The study was performed in a quiet room on the day of surgery. Noninvasive arterial blood pressure, heart rate, and pulse oximetry were monitored continuously throughout the study. After local anesthesia with 0.1 mL of 1% lidocaine, an IV infusion of acetated Ringer’s solution was started in a hand or forearm vein at a rate of 10 mL · kg^–1 · h^–1. Patients were then placed in the left lateral decubitus position, and the skin, subcutaneous tissue, and supraspinous ligament were anesthetized with 2 mL of 1% lidocaine. The epidural space was identified with a 18-gauge Tuohy needle with the bevel directed cephalad via the midline approach at the L1-2 vertebral interspace, and a catheter was advanced 5 cm into the epidural space. The catheter was aspirated to exclude intrathecal or IV placement and then secured. The patient was then returned to the supine position.

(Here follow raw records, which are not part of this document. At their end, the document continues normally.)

(* The acceleration [circle 0 (- u) (- d) t] of the great circle is minus its
   i-th block, which Euler's identity makes orthogonal to the gradient; only
   the Hessian term of the second derivative remains. *)
Lemma circle_slope_derive_le v d (t : R) (u := block (Some i) v) :
  unit_blocks blk v -> block (Some i) d = d -> dotv d d = 1 -> dotv u d = 0 ->
  exists2 D, is_derive t 1
      (fun s => dotv (grad f (circle (v - u) u d s)) (circle 0 d (- u) s)) D
    & `|D| <= Lii.
Proof.
move=> v1 dI dd ud; set P := circle (v - u) u d.
have P1 : unit_blocks blk (P t) := circle_unit_blocks v1 dI dd ud t.
have C1P k := C1_at_partial k (unit_blocks_dom P1).
eexists.
  exact: is_derive_dotv (is_derive_grad_comp C1P (is_derive_circle _ _ _ t))
    (is_derive_circle _ _ _ t).
set w := circle 0 d (- u) t.
have uu : dotv u u = 1 by apply/norm2_eq1; exact: v1.
have w1 : norm2 w = 1.
  by apply: norm2_circle0; rewrite ?dotvNl ?dotvNr ?opprK ?uu // dotvC ud oppr0.
have wI : block (Some i) w = w.
  by rewrite /w /circle !linearD !linearZ linearN /= blockvec_id dI linear0.
rewrite circleN -blockvec_great_circle // dotvNr euler_block ?oppr0 ?add0r.
  rewrite -(hess_block_quad f (P t) wI).
  exact: le_trans (quad_form_le _ w1) (hess_le P1).
exact: unit_blocks_dom P1.
Qed.

Lemma grad_block_unit_le v : unit_blocks blk v -> norm2 (grad_block blk f i v) <= pi * Lii.
Proof.
move=> v1; rewrite grad_blockE; set G := block (Some i) (grad f v).
set u := block (Some i) v.
have Lii_ge0 : 0 <= Lii := le_trans (specnorm_ge0 _ (v1 i)) (hess_le v1).
have [->|G0] := eqVneq G 0; first by rewrite norm2_0 mulr_ge0 ?pi_ge0.
have g0 := norm2_gt0 G0; set g := norm2 G in g0 *.
pose d := g^-1 *: G.
have dI : block (Some i) d = d by rewrite linearZ /= blockvec_id.
have GG : dotv (grad f v) G = g ^+ 2.
  by rewrite norm2_sqr /G dotv_blockvec blockvec_id.
have dd : dotv d d = 1.
  by rewrite dotvZl dotvZr -norm2_sqr -/g mulrA -expr2 -exprMn mulVf ?gt_eqF ?expr1n.
have ud : dotv u d = 0.
  rewrite dotvZr dotv_blockvec blockvec_id -dotv_blockvec dotvC.
  by rewrite euler_block ?mulr0 //; exact: unit_blocks_dom.
have dphi (t : R) : is_derive t 1 (f \o circle (v - u) u d)
    (dotv (grad f (circle (v - u) u d t)) (circle 0 d (- u) t)).
  apply: is_derive_comp_C1 (is_derive_circle _ _ _ t).
  exact/C1_at_f/unit_blocks_dom/circle_unit_blocks.
have := abs_derive_mid_le (pi_gt0 R) dphi (fun t => circle_slope_derive_le t v1 dI dd ud)
  (congr1 f (circle_ends _ _ _)).
by rewrite circle0 subrK circle0 add0r dotvZr GG expr2 mulKf ?gt_eqF // ger0_norm // ltW.
Qed.

End ScaleInvariantLoss.

Theorem lemmaA1 (R : realType) (m N : nat) (blk : 'I_N -> option 'I_m)
  (f : 'rV[R]_N -> R) (i : 'I_m) (Lii : R) :
  C2_on (dom_nz blk) f ->
  (forall (j : 'I_m) (c : R) (x : 'rV[R]_N), dom_nz blk x -> 0 < c ->
     f (scale_block blk j c x) = f x) ->
  (forall v : 'rV[R]_N, (forall j : 'I_m, norm2 (blockvec blk (Some j) v) = 1) ->
     specnorm (hess_block blk f i v) <= Lii) ->
  forall x : 'rV[R]_N, dom_nz blk x ->
    norm2 (grad_block blk f i x) <= pi * Lii / norm2 (blockvec blk (Some i) x).
Proof.
move=> f_C2 f_scale_inv hess_le x dx.
pose c j := (norm2 (blockvec blk (Some j) x))^-1.
have c_gt0 j : 0 < c j by rewrite invr_gt0 norm2_gt0.
have xh1 : unit_blocks blk (scale_blocks blk c x).
  move=> j; rewrite blockvec_scale_blocks norm2Z gtr0_norm //.
  by rewrite mulVf // gt_eqF // norm2_gt0.
rewrite (grad_block_scale_blocks f_C2 f_scale_inv i c_gt0 dx) norm2Z gtr0_norm //.
rewrite mulrC; apply: ler_wpM2r; first exact: ltW.
exact: (grad_block_unit_le f_C2 f_scale_inv hess_le xh1).
Qed.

Patients were trained to perceive perception thresholds to transcutaneous constant sine wave electrical currents at 2000, 250, and 5 Hz with a commercially available device (Neurometer CPT; Neurotron, Inc., Baltimore, MD) before the baseline measurements began. The current was delivered to the skin by a pair of 1-cm diameter gold surface electrodes that were separated by 1.7 cm with a clear Mylar spreader (Neurotron, Inc.). The stimulating surface of each electrode was covered by a thin layer of electroconductive gel. CPT testing was performed at V (the trigeminal area; in front of the ear), T9 (above umbilicus on the anterior axillary line), and L2 (above knee) dermatomes, on the left side with the rapid screening procedure. Perception thresholds at each frequency were determined by stepwise increases in the current (controlled by the device) to a maximum of 9.99 mA until the patient reported sensation. The current was terminated, then repeated. The procedure for all the three frequencies at all the test sites required approximately 4–5 min.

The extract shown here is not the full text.